In contrast, insurance risks are more commonly positively associated, such as the risk of flood to homes located close to one another. There may be few diversification benefits to pooling such positively associated risks.

The Chapter 6 risk controls represent actionable strategies that insurers can use to establish the composition of a pool. Selection of risks can be based on coverages, perils, or policyholders, or indirectly through ratemaking. Reinsurance treaties influence the insurer’s retained risk, helping to determine the pool composition.
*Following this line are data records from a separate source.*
(* M' has n = k.+2 compartments, so n >= 3 is hk. *)
Theorem proposition4p14 (R : realFieldType) (k : nat) (hk : (1 <= k)%N)
    (E : rel 'I_k.+1) (hloop : loopless E) (hsc : strongly_connected E) :
  (forall (S : comNzRingType) (a' : 'I_k.+2 -> 'I_k.+2 -> S),
    let a := fun i j : 'I_k.+1 => a' (lift ord_max i) (lift ord_max j) in
    let A := compmx E set0 a (fun _ => 0) in
    let A' := compmx (add_leaf1 E) set0 a' (fun _ => 0) in
    let c := char_poly A in
    let d := \det (row' ord0 (col' ord0 (char_poly_mx A))) in
    let cs := char_poly A' in
    let ds := \det (row' ord0 (col' ord_max (char_poly_mx A'))) in
    let an1 := a' ord_max ord0 in
    let a1n := a' ord0 ord_max in
    (forall i : nat, (i <= k)%N -> ds`_i = (-1) ^+ k.+1 * an1 * d`_i) /\
    (forall i : nat, (1 <= i <= k.+1)%N ->
        cs`_i = c`_i.-1 + a1n * c`_i + an1 * d`_i.-1) /\
    (cs`_0 = 0 /\ c`_0 = 0)) /\
  (forall r : nat,
    generic_jacobian_rank (@io_coef_map R _ E set0 [set ord0] [set ord0]) r ->
    generic_jacobian_rank
      (@io_coef_map R _ (add_leaf1 E) set0 [set ord0] [set ord_max]) r.+2).
Proof.
split=> [S a' a A A' c d cs ds an1 a1n | r]; last exact: generic_jacobian_rank_add_leaf.
have c0 : c`_0 = 0 by rewrite char_poly_det det_compmx_loopless ?mulr0.
split; first by move=> i _; rewrite /ds det_minor_add_leaf coefCM.
rewrite /cs char_poly_add_leaf -/c -/d.
split=> [[|i] // _|]; rewrite !coefD !coefCM !coefXM //=.
by rewrite c0 !mulr0 !addr0.
Qed.
Fixpoint theight {R : Type} (t : qbt R) : nat :=
  match t with
  | QLeaf _ => 0
  | QNode s =>
    (fix go (s : seq (option (int * qbt R))) : nat :=
       match s with
       | [::] => 0
       | None :: s' => go s'
       | Some (_, c) :: s' => maxn (theight c).+1 (go s')
       end) s
  end.

Definition rkeys {T : Type} (s : seq (option (int * T))) : seq int :=
  [seq p.1 | p <- pmap id s].

Definition next_key {T : Type} (hi : option int) (s : seq (option (int * T))) :=
  if rkeys s is r :: _ then Some r else hi.

Fixpoint child_ranges {R : Type} (hi : option int) (s : seq (option (int * qbt R)))
  : seq (qbt R * option int * option int) :=
  match s with
  | [::] => [::]
  | None :: s' => child_ranges hi s'
  | Some (r, c) :: s' => (c, Some r, next_key hi s') :: child_ranges hi s'
  end.

Fixpoint wf_sub {R : Type} (B h : nat) (lo hi : option int) (t : qbt R) {struct t} : bool :=
  [&& (B ^ h.+1 <= 4 * size (tpairs t))%N, (size (tpairs t) <= B ^ h.+1)%N &
  match t with
  | QLeaf s => [&& h == 0, size s == B &
                  all (fun o => if o is Some p then in_rng lo hi p.1 else true) s]
  | QNode s =>
    [&& (0 < h)%N, size s == B, sorted (fun a b : int => (a < b)%R) (rkeys s),
        all (in_rng lo hi) (rkeys s) &
    (fix go (s : seq (option (int * qbt R))) : bool :=
       match s with
       | [::] => true
       | None :: s' => go s'
       | Some (r, c) :: s' => wf_sub B h.-1 (Some r) (next_key hi s') c && go s'
       end) s]
  end].
(* Let $R$ be the ring of integers in a totally real number field. Then the homomorphism $O_n(R)\to\mathrm{Aut}(X(\mathbb E^n_R))$ coming from the action of $O_n(R)$ on the Stiefel complex $X(\mathbb E^n_R)$ is an isomorphism of groups.
   Context: A number field $K$ is totally real if every embedding $K\hookrightarrow\mathbb C$ has image in $\mathbb R$. $\mathbb E^n_R=(R^n,q)$ with $q(x)=x_1^2+\dots+x_n^2$ and $B_q(x,y)=q(x+y)-q(x)-q(y)$; $O_n(R)$ is the group of $R$-linear automorphisms of $R^n$ preserving $q$. The Stiefel complex $X(\mathbb E^n_R)$ is the simplicial complex whose vertices are the unit vectors $v$ ($q(v)=1$), with $v_1,\dots,v_k$ spanning a simplex iff $B_q(v_i,v_j)=0$ for $i\neq j$. $\mathrm{Aut}(X(\mathbb E^n_R))$ is its group of simplicial automorphisms. *)

From HB Require Import structures.
From mathcomp Require Import all_boot all_order all_algebra all_field.
From Stdlib Require Lists.List.
Set Implicit Arguments. Unset Strict Implicit. Unset Printing Implicit Defensive.
Import Order.TTheory GRing.Theory Num.Theory.
Local Open Scope ring_scope.

(* Totally real: every embedding K -> C (equivalently into the algebraic
   numbers algC, which contain every image of K) lands in the reals. *)
Definition totally_real (K : fieldExtType rat) : Prop :=
  forall (f : {rmorphism K -> algC}) (x : K), f x \is Num.real.

Definition in_OK (K : fieldExtType rat) (x : K) : Prop :=
  integralOver (fun z : int => z%:~R : K) x.

Definition int_vec (K : fieldExtType rat) (n : nat) (v : 'cV[K]_n) : Prop :=
  forall i, in_OK (v i 0).

Definition qform (K : fieldExtType rat) (n : nat) (v : 'cV[K]_n) : K :=
  \sum_(i < n) (v i 0) ^+ 2.

Definition Bq (K : fieldExtType rat) (n : nat) (v w : 'cV[K]_n) : K :=
  qform (v + w) - qform v - qform w.

Definition is_vertex (K : fieldExtType rat) (n : nat) (v : 'cV[K]_n) : Prop :=
  int_vec v /\ qform v = 1.

Definition vertex (K : fieldExtType rat) (n : nat) :=
  {v : 'cV[K]_n | is_vertex v}.

Definition is_simplex (K : fieldExtType rat) (n : nat) (s : seq (vertex K n)) : Prop :=
  forall x y, List.In x s -> List.In y s -> x <> y -> Bq (proj1_sig x) (proj1_sig y) = 0.

Definition is_simplicial_aut (K : fieldExtType rat) (n : nat)
  (f : vertex K n -> vertex K n) : Prop :=
  bijective f /\ forall s : seq (vertex K n), is_simplex s <-> is_simplex (map f s).

(* O_n(R): R-linear automorphisms of R^n (matrices with entries in R whose
   inverse also has entries in R) preserving q *)
Definition in_On (K : fieldExtType rat) (n : nat) (M : 'M[K]_n) : Prop :=
  [/\ forall i j, in_OK (M i j),
      M \in unitmx,
      forall i j, in_OK (invmx M i j)
    & forall v : 'cV[K]_n, int_vec v -> qform (M *m v) = qform v].

From HB Require Import structures.
From mathcomp Require Import all_boot all_order all_algebra all_field.
From mathcomp Require Import ring.
From Stdlib Require Import Classical.
Import Order.TTheory GRing.Theory Num.Theory.
Local Open Scope ring_scope.
Set Implicit Arguments. Unset Strict Implicit. Unset Printing Implicit Defensive.
Lemma Ck_add k f g : Ck k U f -> Ck k U g -> Ck k U (fun x => f x + g x).
Proof.
elim: k f g => [|k IH] f g.
  by move=> /Ck0 Hf /Ck0 Hg; apply/Ck0 => x Ux; apply: differentiableD; auto.
move=> /CkS[df Hf] /CkS[dg Hg]; apply/CkS; split.
  by move=> x Ux; apply: differentiableD; auto.
move=> v; apply: (@Ck_eq_on _ (fun x => 'D_v f x + 'D_v g x)); last exact: IH.
move=> y /[!inE] Uy; rewrite deriveD //; apply: diff_derivable; auto.
Qed.

Lemma Ck_sum k m (F : 'I_m -> V -> W) :
  (forall i, Ck k U (F i)) -> Ck k U (fun x => \sum_(i < m) F i x).
Proof.
elim: m F => [|m IH] F HF.
  have -> : (fun x => \sum_(i < 0) F i x) = cst 0.
    by apply/funext => x; rewrite big_ord0.
  exact: Ck_cst.
have -> : (fun x => \sum_(i < m.+1) F i x) =
    (fun x => \sum_(i < m) F (widen_ord (leqnSn m) i) x + F ord_max x).
  by apply/funext => x; rewrite big_ord_recr.
by apply: Ck_add => //; exact: IH.
Qed.

End Ck.

Arguments smooth_differentiable {R V W U f x}.
Arguments smooth_derive {R V W U f} v.
Arguments Ck_eq_on {R V W U} oU {k} f {g}.
Arguments Ck_cst {R V W U k} c.
Arguments Ck_add {R V W U} oU {k f g}.
Arguments Ck_sum {R V W U} oU {k m F}.

Section CkScalar.
Context {R : realType} {V : normedModType R}.
Variables (U : set V) (oU : open U).

Lemma Ck_id k : Ck k U (@id V).
Proof.
have did x : differentiable (@id V) x by [].
case: k => [|k]; first by apply/Ck0.
apply/CkS; split=> [x _|v]; first exact: did.
have -> : 'D_v (@id V) = cst v by apply/funext => x; rewrite derive_id.
exact: Ck_cst.
Qed.

Lemma Ck_scalel (W : normedModType R) k (a : V -> R) (c : W) :
  Ck k U a -> Ck k U (fun x => a x *: c).
Proof.
elim: k a => [|k IH] a.
  by move=> /Ck0 Ha; apply/Ck0 => x Ux; apply: differentiableZl; auto.
move=> /CkS[da Ha]; apply/CkS; split.
  by move=> x Ux; apply: differentiableZl; auto.
move=> v; apply: (Ck_eq_on oU (fun x => 'D_v a x *: c)); last exact: IH.
move=> y /[!inE] Uy; rewrite [RHS]deriveE; last by apply: differentiableZl; auto.
by rewrite diffZl ?deriveE; auto.
Qed.

Lemma Ck_mul k (a b : V -> R) : Ck k U a -> Ck k U b -> Ck k U (fun x => a x * b x).
Proof.
elim: k a b => [|k IH] a b.
  by move=> /Ck0 Ha /Ck0 Hb; apply/Ck0 => x Ux; apply: differentiableM; auto.
move=> Ha Hb; have [da Ha'] := (CkS k U a).1 Ha; have [db Hb'] := (CkS k U b).1 Hb.
apply/CkS; split; first by move=> x Ux; apply: differentiableM; auto.
move=> v; apply: (Ck_eq_on oU (fun x => a x * 'D_v b x + b x * 'D_v a x)).
  by move=> y /[!inE] Uy; rewrite deriveM //; apply: diff_derivable; auto.
by apply: (Ck_add oU); apply: IH => //; exact: CkW.
Qed.

Lemma smooth_mul (a b : V -> R) :
  smooth U a -> smooth U b -> smooth U (fun x => a x * b x).
Proof. by move=> Ha Hb k; apply: Ck_mul. Qed.

Lemma smooth_inv (a : V -> R) : smooth U a -> (forall x, U x -> a x != 0) ->
  smooth U (fun x => (a x)^-1).
Proof.
move=> Ha a0 k; have da x : U x -> differentiable a x.
  by move=> Ux; exact: smooth_differentiable Ha Ux.
elim: k => [|k IH].
  by apply/Ck0 => x Ux; apply: differentiableV; auto.
apply/CkS; split; first by move=> x Ux; apply: differentiableV; auto.
move=> v; apply: (Ck_eq_on oU (fun x => -1 * ((a x)^-1 * (a x)^-1) * 'D_v a x)).
  move=> y /[!inE] Uy; rewrite deriveV ?a0 //; last exact/diff_derivable/da.
  by rewrite mulN1r -expr2 exprVn.
apply: Ck_mul; last exact: smooth_derive Ha k.
by apply: Ck_mul; [exact: Ck_cst|exact: Ck_mul].
Qed.

End CkScalar.

Arguments Ck_scalel {R V U} oU {W k a} c.
Arguments Ck_mul {R V U} oU {k a b}.
Arguments smooth_mul {R V U} oU {a b}.
Arguments smooth_inv {R V U} oU {a}.

Section CkRow.
Context {R : realType} {V : normedModType R}.
Variables (U : set V) (oU : open U).

Lemma Ck_coord k m (F : V -> 'rV[R]_m) i : Ck k U F -> Ck k U (fun x => F x 0 i).
Proof.
have dcoord (G : V -> 'rV[R]_m) x :
    differentiable G x -> differentiable (fun y => G y 0 i) x.
  move=> dG; have -> : (fun y => G y 0 i) = (fun M => M 0 i) \o G by [].
  exact: (differentiable_comp dG (differentiable_coord (G x) 0 i)).
elim: k F => [|k IH] F.
  by move=> /Ck0 HF; apply/Ck0 => x Ux; apply: dcoord; exact: HF.
move=> /CkS[dF HF]; apply/CkS; split=> [x Ux|v]; first by apply: dcoord; exact: dF.
apply: (Ck_eq_on oU (fun x => 'D_v F x 0 i)); last exact: IH.
move=> y /[!inE] Uy; rewrite derive_mx ?mxE //; apply: diff_derivable; exact: dF.
Qed.

Lemma Ck_of_coord k m (F : V -> 'rV[R]_m) :
  (forall i, Ck k U (fun x => F x 0 i)) -> Ck k U F.
Proof.
move=> HF.
have -> : F = (fun x => \sum_(j < m) F x 0 j *: (delta_mx 0 j : 'rV[R]_m)).
  by apply/funext => x; rewrite [LHS]row_sum_delta.
by apply: Ck_sum => // j; exact: Ck_scalel.
Qed.

Lemma smoothP m (F : V -> 'rV[R]_m) :
  smooth U F <-> forall i, smooth U (fun x => F x 0 i).
Proof.
split=> [HF i k|HF k]; first exact: Ck_coord.
by apply: Ck_of_coord => i; exact: HF.
Qed.

Lemma smooth_scale m (a : V -> R) (F : V -> 'rV[R]_m) :
  smooth U a -> smooth U F -> smooth U (fun x => a x *: F x).
Proof.
move=> Ha /smoothP HF; apply/smoothP => i.
have -> : (fun x => (a x *: F x) 0 i) = (fun x => a x * F x 0 i).
  by apply/funext => x; rewrite mxE.
exact: smooth_mul.
Qed.

Lemma smooth_comp_scalar m (U' : set 'rV[R]_m) (Y : V -> 'rV[R]_m)
  (f : 'rV[R]_m -> R) :
  smooth U Y -> (forall x, U x -> U' (Y x)) -> smooth U' f -> smooth U (f \o Y).
Proof.
move=> HY YU Hf k; elim: k f Hf => [|k IH] f Hf.
  apply/Ck0 => x Ux; apply: differentiable_comp.
    exact: smooth_differentiable HY Ux.
  exact: smooth_differentiable Hf (YU x Ux).
apply/CkS; split=> [x Ux|v].
  apply: differentiable_comp; first exact: smooth_differentiable HY Ux.
  exact: smooth_differentiable Hf (YU x Ux).
(* chain rule, with the differential of f expanded in the standard basis *)
apply: (Ck_eq_on oU (fun x => \sum_(i < m)
   'D_v (fun y => Y y 0 i) x * ('D_(delta_mx 0 i : 'rV[R]_m) f \o Y) x)).
  move=> y /[!inE] Uy.
  have dY := smooth_differentiable HY Uy.
  have df := smooth_differentiable Hf (YU y Uy).
  rewrite deriveE; last exact: differentiable_comp.
  rewrite diff_comp // /= -(deriveE _ dY) [X in 'd f (Y y) X]row_sum_delta.
  rewrite linear_sum; apply: eq_bigr => i _.
  by rewrite linearZ /= -(deriveE _ df) derive_mx ?mxE //; exact: diff_derivable.
apply: Ck_sum => // i; apply: Ck_mul => //.
  by apply: (smooth_derive v _ k); move: HY; rewrite smoothP; apply.
by apply: IH; exact: smooth_derive.
Qed.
This raises the question of how an insurer can measure the benefits achieved through a risk control strategy. And this is precisely why an insurer may wish to utilize the tools introduced in this book.

12.5 Summary and Concluding Remarks

At a fundamental level, dependence is a key concept underpinning risk sharing. This chapter provides approaches for quantifying the impact of dependence on risk sharing, and risk transfer, arrangements. These approaches are applied at both global and local levels, for collections of risks that are smaller (portfolios) and larger (pools). The portfolio expectation dependence sensitivity is highlighted as a useful tool for assessing local dependencies.

For managing pools, Section 12.4.1 emphasizes the importance of field-specific models of dependencies that offer insights into the effects and propagation of dependencies within a system. Additionally, the simulation models of contagion presented in this chapter can serve as a useful starting point for analyzing the effects of dependencies in large pools.

To emphasize the relevance of the tools and approaches advocated here, it is useful to acknowledge their limitations, as follows.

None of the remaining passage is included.